But then, as these things inevitably do, the wheel began to turn.

It is hard to tell when precisely it was that the rot began to creep into cultural representations of social institutions but it was pretty obvious when the roof fell in.  Over the course of five short series, David Simon’s HBO series The Wire took a crowbar to the knees of pretty much every large social institution in America: The police, organised labour, politics, the media, schools and even criminal gangs.  Nobody escaped Simon’s forensic wrath.  According to The Wire, no institution could be trusted to deliver social change because institutions rely upon human agents who are invariably both too self-serving and too short sighted to act in the interests of society as a whole.

Change, we were told, simply could not come from above.

If The Wire’s brutal analysis constituted the crest of a wave of disillusionment then Peter Mullan’s The Magdalene Sisters (2002) was undeniably a distant but powerful off shore surge that contributed to the bathymetric sway.  The film focuses upon Ireland’s infamous Magdalene asylums, institutions run by the Catholic Church with parental consent that effectively pressed young women into slavery in order to ‘protect’ them and others from their fallen morality.

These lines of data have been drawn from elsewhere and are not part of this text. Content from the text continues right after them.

(* Let $\mathcal A=\{\ell_1,\dots,\ell_n\}$ be an arrangement of affine lines in $\mathbb C^2$, and let $\langle\beta_1,\dots,\beta_n\mid R_1,\dots,R_\nu\rangle$ be a finite presentation of $\pi_1(M(\mathcal A))$ in which $\beta_i$ is an elementary loop around $\ell_i$. Let $N\subset F_n$ be the normal closure of $R_1,\dots,R_\nu$ in the free group $F_n$ on $\beta_1,\dots,\beta_n$. Then the following are equivalent: (a) the $\mathbb Z[t^{\pm1}]$-submodule of $\mathbb Z[t^{\pm1}]^n$ generated by the vectors $v_j=\big((\partial R_j/\partial\beta_1)^\varphi,\dots,(\partial R_j/\partial\beta_n)^\varphi\big)$, $j=1,\dots,\nu$, equals $(1-t)\{x\in\mathbb Z[t^{\pm1}]^n:\sum_i x_i=0\}$; (b) $[F_n,F_n]=N\,[\ker\varphi,\ker\varphi]$. Equivalently, $\pi_1(M(\mathcal A))$ is abelian modulo the image of $[\ker\varphi,\ker\varphi]$.
   Context: $M(\mathcal A)=\mathbb C^2\setminus\bigcup\ell_i$. $\varphi:F_n\to\langle t\rangle\cong\mathbb Z$ is the length homomorphism with $\varphi(\beta_i)=t$ for all $i$; it extends to a ring homomorphism $\mathbb Z[F_n]\to\mathbb Z[t^{\pm1}]$, and for $u\in\mathbb Z[F_n]$ we write $u^\varphi$ for its image. $\partial/\partial\beta_i:\mathbb Z[F_n]\to\mathbb Z[F_n]$ are the Fox free derivatives. Commutators are $[a,b]=aba^{-1}b^{-1}$. (Condition (a) is what the paper calls ''$\mathcal A$ is a-monodromic over $\mathbb Z$''.) *)

From HB Require Import structures.
From mathcomp Require Import all_boot all_order all_algebra.
Set Implicit Arguments. Unset Strict Implicit. Unset Printing Implicit Defensive.
Import Order.TTheory GRing.Theory Num.Theory.
Local Open Scope ring_scope.

Definition Qt := {fraction {poly int}}.
Definition polyQ (p : {poly int}) : Qt := @FracField.tofrac {poly int} p.
Definition tvar : Qt := polyQ 'X.
Definition laurent (f : Qt) : Prop := exists (p : {poly int}) (k : nat), f = polyQ p * tvar ^- k.
Definition laurent_vec (n : nat) (x : 'rV[Qt]_n) : Prop := forall i, laurent (x 0 i).

(* a letter (i, false) is beta_i, (i, true) is beta_i^{-1} *)
Definition letter (n : nat) := ('I_n * bool)%type.
Definition word (n : nat) := seq (letter n).

Definition linv n (x : letter n) : letter n := (x.1, ~~ x.2).

Fixpoint freduce n (w : word n) : word n :=
  match w with
  | [::] => [::]
  | x :: w' => match freduce w' with
               | y :: r => if y == linv x then r else x :: y :: r
               | [::] => [:: x]
               end
  end.

Definition feq n (u v : word n) : Prop := freduce u = freduce v.
Definition winv n (w : word n) : word n := rev (map (@linv n) w).
Definition wcomm n (a b : word n) : word n := a ++ b ++ winv a ++ winv b.

Definition in_gen n (S : word n -> Prop) (w : word n) : Prop :=
  exists l : seq (word n * bool),
    (forall p, p \in l -> S p.1) /\
    feq w (flatten (map (fun p => if p.2 then winv p.1 else p.1) l)).

(* length homomorphism phi : F_n -> <t> = Z, phi(beta_i) = t ; exponent sum *)
Definition lsign n (x : letter n) : int := if x.2 then -1 else 1.
Definition expsum n (w : word n) : int := \sum_(x <- w) lsign x.

Definition kerphi n (w : word n) : Prop := expsum w = 0.
Definition commF n : word n -> Prop := in_gen (fun w => exists a b, w = wcomm a b).
Definition commK n : word n -> Prop :=
  in_gen (fun w => exists a b, kerphi a /\ kerphi b /\ w = wcomm a b).
Definition nclosure n nu (R : 'I_nu -> word n) : word n -> Prop :=
  in_gen (fun w => exists (u : word n) (j : 'I_nu), w = u ++ R j ++ winv u).
Definition NK n nu (R : 'I_nu -> word n) (w : word n) : Prop :=
  exists a b, nclosure R a /\ commK b /\ feq w (a ++ b).

(* (d w / d beta_i)^phi : Fox derivative followed by phi, computed by the
   Fox rules d(uv) = du + u dv, d beta_j/d beta_i = delta_ij,
   d beta_j^{-1}/d beta_i = - delta_ij beta_j^{-1}. *)
Definition phiL n (w : word n) : Qt := tvar ^ (expsum w).
Fixpoint foxphi n (i : 'I_n) (w : word n) : Qt :=
  match w with
  | [::] => 0
  | x :: w' =>
      (if x.1 == i then (if x.2 then - tvar ^ (-1 : int) else 1) else 0)
      + phiL [:: x] * foxphi i w'
  end.

Definition foxvec n (w : word n) : 'rV[Qt]_n := \row_i foxphi i w.

(* Let K = ker phi.  Since phi is trivial on K, the Fox vector
   w |-> ((dw/dbeta_i)^phi)_i restricts to a homomorphism from K to Z[t^±1]^n that
   turns conjugation by x into multiplication by phi(x).  Its kernel is [K,K]: every
   word of K is a product of the Schreier words beta_0^k beta_i beta_0^-(k+1), whose
   Fox vectors are t^k e_i (i <> 0) up to a multiple of e_0, and by independence of
   the monomials t^k a vanishing Fox vector lets these factors cancel in pairs after
   commuting them modulo [K,K].  The Fox vector maps [F_n,F_n] onto
   (1-t){x : sum x_i = 0} (the commutators [beta_i beta_0^-1, beta_0] already give
   (1-t)(e_i - e_0), and conjugation supplies the powers of t), and, when the
   relators lie in K, maps N onto the span of the v_j.  Either of (a), (b) puts the
   relators in [F_n,F_n], and then (b) says that [F_n,F_n] and N[K,K] have the same
   image, which is (a). *)

From HB Require Import structures.
From mathcomp Require Import all_boot all_order all_algebra.
From mathcomp Require Import ring zify.
From Corelib Require Import Setoid Morphisms.
Import Order.TTheory GRing.Theory Num.Theory.
Local Open Scope ring_scope.
Set Implicit Arguments. Unset Strict Implicit. Unset Printing Implicit Defensive.

(** * Free reduction *)

Definition red_cons n (x : letter n) (r : word n) : word n :=
  if r is y :: r' then (if y == linv x then r' else x :: r) else [:: x].

Lemma freduceE n (w : word n) : freduce w = foldr (@red_cons n) [::] w.
Proof. by elim: w => //= x w <-; case: (freduce w). Qed.

Fixpoint reduced n (r : word n) : bool :=
  if r is y :: ((z :: _) as r') then (z != linv y) && reduced r' else true.

Lemma linvK n : involutive (@linv n).
Proof. by case=> a b; rewrite /linv /= negbK. Qed.

Lemma reduced_behead n (y : letter n) r : reduced (y :: r) -> reduced r.
Proof. by case: r => // z r /andP[]. Qed.

Lemma red_cons_reduced n (x : letter n) r : reduced r -> reduced (red_cons x r).
Proof.
case: r => [|y r] //= Hr; case: eqP => [_|Hne]; first exact: reduced_behead Hr.
by rewrite /= Hr andbT; apply/eqP => E; apply: Hne; rewrite E.
Qed.

Lemma red_consK n (x : letter n) r :
  reduced r -> red_cons x (red_cons (linv x) r) = r.
Proof.
case: r => [|y r] /= Hr; first by rewrite eqxx.
rewrite linvK; case: eqP => [Ey|_]; last by rewrite /= eqxx.
by subst y; case: r Hr => [|z r] //= /andP[/negbTE ->].
Qed.

Lemma foldr_red_cons_reduced n (u : word n) r :
  reduced r -> reduced (foldr (@red_cons n) r u).
Proof. by elim: u => //= x u IH Hr; apply/red_cons_reduced/IH. Qed.

Lemma freduce_reduced n (u : word n) : reduced (freduce u).
Proof. by rewrite freduceE; apply: foldr_red_cons_reduced. Qed.

Lemma foldr_freduce n (u : word n) r : reduced r ->
  foldr (@red_cons n) r (freduce u) = foldr (@red_cons n) r u.
Proof.
move=> Hr; elim: u => [|x u IH] //.
have -> : freduce (x :: u) = red_cons x (freduce u) by rewrite /=; case: (freduce u).
rewrite [RHS]/= -IH; case E: (freduce u) => [|y s] //=; case: eqP => // Ey.
have := freduce_reduced u; rewrite E Ey => Hs.
by rewrite red_consK // foldr_red_cons_reduced // (reduced_behead Hs).
Qed.

Lemma freduce_cat n (u v : word n) :
  freduce (u ++ v) = foldr (@red_cons n) (freduce v) (freduce u).
Proof.
by rewrite [LHS]freduceE foldr_cat -freduceE foldr_freduce // freduce_reduced.
Qed.

Lemma feq_refl n (u : word n) : feq u u.
Proof. by []. Qed.
Lemma feq_sym n (u v : word n) : feq u v -> feq v u.
Proof. exact: esym. Qed.
Lemma feq_trans n (u v w : word n) : feq u v -> feq v w -> feq u w.
Proof. exact: etrans. Qed.

Lemma feq_cat n (u u' v v' : word n) : feq u u' -> feq v v' -> feq (u ++ v) (u' ++ v').
Proof. by rewrite /feq !freduce_cat => -> ->. Qed.

Add Parametric Relation n : (word n) (@feq n)
  reflexivity proved by (@feq_refl n)
  symmetry proved by (@feq_sym n)
  transitivity proved by (@feq_trans n) as feq_rel.

Add Parametric Morphism n : (@cat (letter n)) with
  signature (@feq n) ==> (@feq n) ==> (@feq n) as cat_feq_morphism.
Proof. by move=> *; apply: feq_cat. Qed.

Lemma feq_invariant T n (f : word n -> T) (g : letter n -> T -> T) :
  (forall x r, f (x :: r) = g x (f r)) -> (forall x a, g x (g (linv x) a) = a) ->
  forall u v, feq u v -> f u = f v.
Proof.
move=> fE gK.
have f_red u : f (freduce u) = f u.
  elim: u => [|x u IH] //; rewrite fE -IH /=.
  case: (freduce u) => [|y s] //=; case: eqP => [->|_]; by rewrite ?fE ?gK.
by move=> u v E; rewrite -f_red E f_red.
Qed.

Lemma winv_cat n (u v : word n) : winv (u ++ v) = winv v ++ winv u.
Proof. by rewrite /winv map_cat rev_cat. Qed.

Lemma winvK n : involutive (@winv n).
Proof. by move=> u; rewrite /winv map_rev revK -map_comp (eq_map (@linvK n)) map_id. Qed.

Lemma winv_cons n x (u : word n) : winv (x :: u) = winv u ++ [:: linv x].
Proof. by rewrite /winv /= rev_cons -cats1. Qed.

Lemma feq_catV n (u : word n) : feq (u ++ winv u) [::].
Proof.
elim: u => [|x u IH] //; rewrite winv_cons.
have -> : (x :: u) ++ winv u ++ [:: linv x] = [:: x] ++ (u ++ winv u) ++ [:: linv x].
  by rewrite catA.
by rewrite IH /feq /= eqxx.
Qed.

Lemma feq_Vcat n (u : word n) : feq (winv u ++ u) [::].
Proof. by have := feq_catV (winv u); rewrite winvK. Qed.

Lemma feq_catK n (u x : word n) : feq ((u ++ x) ++ winv x) u.
Proof. by rewrite -catA feq_catV cats0. Qed.

Lemma feq_catVK n (u x : word n) : feq ((u ++ winv x) ++ x) u.
Proof. by rewrite -catA feq_Vcat cats0. Qed.

Lemma feq_winv n (u v : word n) : feq u v -> feq (winv u) (winv v).
Proof.
move=> E; apply: (@feq_trans _ _ (winv u ++ (u ++ winv v))).
  rewrite -{1}[winv u]cats0; apply: feq_cat => //; apply: feq_sym.
  exact: feq_trans (feq_cat E (feq_refl _)) (feq_catV v).
by rewrite catA feq_Vcat.
Qed.

Add Parametric Morphism n : (@winv n) with
  signature (@feq n) ==> (@feq n) as winv_feq_morphism.
Proof. exact: feq_winv. Qed.

Lemma conj_wcomm n (x a b : word n) :
  feq (x ++ wcomm a b ++ winv x) (wcomm (x ++ a ++ winv x) (x ++ b ++ winv x)).
Proof. by rewrite /wcomm !winv_cat !winvK !catA; repeat setoid_rewrite feq_catVK. Qed.

Lemma in_gen_feq n (S : word n -> Prop) u v : in_gen S u -> feq u v -> in_gen S v.
Proof. by case=> l [Sl E] F; exists l; split; rewrite // -F. Qed.

Add Parametric Morphism n (S : word n -> Prop) : (in_gen S) with
  signature (@feq n) ==> iff as in_gen_feq_morphism.
Proof. by move=> u v E; split=> H; apply: in_gen_feq H _. Qed.

Lemma in_gen_ind n (S P : word n -> Prop) :
  (forall u v, feq u v -> P u -> P v) -> P [::] ->
  (forall g, S g -> P g) -> (forall g, S g -> P (winv g)) ->
  (forall u v, P u -> P v -> P (u ++ v)) ->
  forall w, in_gen S w -> P w.
Proof.
move=> Pfeq P0 PS PV PC w [l [Sl E]]; apply: Pfeq (feq_sym E) _.
elim: l Sl {E} => [|p l IH] Sl //=.
apply: PC; last by apply: IH => q Hq; apply: Sl; rewrite inE Hq orbT.
have : S p.1 by apply: Sl; rewrite mem_head.
by case: p {Sl} => g [] /=; [apply: PV|apply: PS].
Qed.

Lemma in_gen_nil n (S : word n -> Prop) : in_gen S [::].
Proof. by exists [::]. Qed.

Lemma in_gen_gen n (S : word n -> Prop) g : S g -> in_gen S g.
Proof. by move=> Sg; exists [:: (g, false)]; rewrite /= cats0; split=> // p /[!inE] /eqP ->. Qed.

Lemma in_gen_genV n (S : word n -> Prop) g : S g -> in_gen S (winv g).
Proof. by move=> Sg; exists [:: (g, true)]; rewrite /= cats0; split=> // p /[!inE] /eqP ->. Qed.

Lemma in_gen_cat n (S : word n -> Prop) u v :
  in_gen S u -> in_gen S v -> in_gen S (u ++ v).
Proof.
case=> l1 [S1 E1] [l2 [S2 E2]]; exists (l1 ++ l2); split.
  by move=> p; rewrite mem_cat => /orP[]; [apply: S1|apply: S2].
by rewrite map_cat flatten_cat E1 E2.
Qed.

Over the course of 119 minutes, The Magdalene Sisters wages a viciously effective assault on the notion that charitable institutions could ever be anything other than venues for misguided authoritarianism and the psychological and physical abuse of vulnerable people.

But what of the individual in all of this?

If it is unacceptable to suggest that the poor are simply lazy and that the vulnerable are simply weak, then surely it is just as unpalatable to suggest that the poor and vulnerable are nothing but the passive victims of misguided social institutions?  If may well be reductive and simplistic to place all of one’s faith for social renewal in large institutions but it is just as simplistic to paint these institutions as nothing more than part of an unjust and exploitative system.  People are individuals.  People have choice.  People have agency.  A more sophisticated representation of the ills of our society would allow for this.  It would acknowledge the responsibilities that we have to ourselves.

Peter Mullan’s latest film Neds (Non-educated Delinquents) attempts to examine both sides of the coin.  Set in 1970s Scotland, the film depicts a social landscape bristling with institutions that are quick to open their arms to working class children but just as quick to turn their backs on these same children if they fail to follow the (largely unwritten) rules.  However, while Mullan does a brilliant job of depicting the fickle and irrational nature of big institutions, his film’s real power comes from a willingness to recognise that we play a large part in our own downfall and salvation.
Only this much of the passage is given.